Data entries
◇ ◇ ◇ ◇ ◇ ◇ ◇

(* Let $S\ni h$ be a $2$-admissible polarized lattice with $h^2=8$, $\Delta$ a Weyl chamber for $\operatorname{rt}(S,h)$, $\Gamma=\operatorname{Fn}_\Delta(S,h)$, and $v_1,v_2\in\Gamma$ two distinct vertices. Then the induced subgraph $\operatorname{Star}(v_1)\cap\operatorname{Star}(v_2)$ has no edges, and: (1) if $v_1\cdot v_2=1$, then $|\operatorname{Star}(v_1)\cap\operatorname{Star}(v_2)|\le1$; (2) if $v_1\cdot v_2=0$, then $|\operatorname{Star}(v_1)\cap\operatorname{Star}(v_2)|\le3$. If, in addition, $S\ni h$ is $3$-admissible, then both inequalities are strict.
   Context: All lattices even; $(S,h)$ polarized: $S$ hyperbolic, $h^2>0$. $\operatorname{root}_n(S,h)=\{r: r^2=-2,\ r\cdot h=n\}$, $\operatorname{rt}(S,h)$ spanned by $\operatorname{root}_0(S,h)$; a Weyl chamber $\Delta$ has simple roots $\mathfrak{b}(\Delta)$. $\Gamma=\operatorname{Fn}_\Delta(S,h)=\{l\in\operatorname{root}_1(S,h): l\cdot e\ge0\ \forall e\in\mathfrak{b}(\Delta)\}$, with edges of multiplicity $l_1\cdot l_2$. $\operatorname{Star}(v)=\{l\in\Gamma: l\cdot v=1\}$. $w$ is $m$-isotropic if $w^2=0$, $w\cdot h=m$; $2$-admissible: no $1$- or $2$-isotropic vector; $3$-admissible: in addition no $3$-isotropic vector. *)

(* An even lattice of rank n is Z^n with an integral Gram matrix G. *)
From HB Require Import structures.
From mathcomp Require Import all_boot all_order all_algebra.
Set Implicit Arguments. Unset Strict Implicit. Unset Printing Implicit Defensive.
Import Order.TTheory GRing.Theory Num.Theory.
Local Open Scope ring_scope.
(* Let $q\ge2$ be an integer and $d$ an even positive integer. Then the network $\mathcal{N}_1$ (with parameter $q$) has a $d$-dimensional VLNC solution over every finite field.
   Context: Vector linear network coding: each source $v$ generates $x_v\in F^d$; an edge out of a source $v$ carries $Ax_v$ for a $d\times d$ matrix $A$ over $F$; an edge out of an intermediate node carries $\sum A_{e',e}y_{e'}$ over the edges $e'$ entering that node; a terminal computes vectors $\sum B_ey_e$ over its incoming edges; a $d$-dimensional VLNC solution over $F$ is such a code with which every terminal computes each demanded message for all message choices. The Char-$q$-$s$ network (integer $q\ge2$): sources $s,x_1,\dots,x_{q+2}$; intermediate nodes $m_1,\dots,m_{q+3},n_1,\dots,n_{q+3}$; terminals $r_1,\dots,r_{q+3}$; edges: $(x_1,m_i)$ for $1\le i\le q+1$; $(s,m_1)$ and $(s,m_i)$ for $4\le i\le q+3$; $(x_i,m_j)$ for $2\le i,j\le q+2$, $i\ne j$; $(x_i,m_{q+3})$ for $1\le i\le q+2$; $e_i=(m_i,n_i)$ for $1\le i\le q+3$; $(n_i,r_i)$ for $1\le i\le q+2$; $(n_{q+3},r_i)$ and $(n_i,r_{q+3})$ for $1\le i\le q+2$; $(x_i,r_1)$ for $2\le i\le q+1$; $(x_1,r_{q+2})$; $(s,r_2)$; $(s,r_3)$. Demands: $r_1$ demands $x_{q+2}$; $r_i$ demands $x_i$ for $2\le i\le q+2$; $r_{q+3}$ demands $x_1$; no terminal demands $s$. The M-network: sources $a,b,x,y$; intermediate nodes $u_1,u_2,v_1,v_2,v_3$; terminals $t_1,\dots,t_4$; edges $(a,u_1),(b,u_1),(x,u_2),(y,u_2),(u_1,v_1),(u_1,v_3),(u_2,v_2),(u_2,v_3)$ and $(v_i,t_j)$ for $i=1,2,3$, $j=1,\dots,4$; demands: $t_1$ demands $a,x$; $t_2$ demands $a,y$; $t_3$ demands $b,x$; $t_4$ demands $b,y$. The network $\mathcal{N}_1$ is obtained from the disjoint union of the M-network and the Char-$q$-$s$ network by identifying source $x_1$ with $a$ and source $s$ with $y$ (so $a$ gets all edges out of $x_1$ and $y$ gets all edges out of $s$; terminal $r_{q+3}$ now demands $a$), and adding one new edge $(n_1,t_4)$. All other demands are unchanged. *)

From HB Require Import structures.
From mathcomp Require Import all_boot all_order all_algebra.
Set Implicit Arguments. Unset Strict Implicit. Unset Printing Implicit Defensive.
Import GRing.Theory.
Local Open Scope ring_scope.

Record network := Network {
  node : eqType;
  nodes : seq node;
  source : pred node;
  edge : rel node;
  demand : rel node
}.
Arguments nodes : clear implicits.
Arguments source : clear implicits.
Arguments edge : clear implicits.
Arguments demand : clear implicits.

◇ ◇ ◇ ◇ ◇ ◇ ◇

| EXERCISE DETAILS |
The result consists of the line with "nodes : seq node;" through the last line of the entries above, repeated exactly and with nothing else.

| RESULT BELOW |
  nodes : seq node;
  source : pred node;
  edge : rel node;
  demand : rel node
}.
Arguments nodes : clear implicits.
Arguments source : clear implicits.
Arguments edge : clear implicits.
Arguments demand : clear implicits.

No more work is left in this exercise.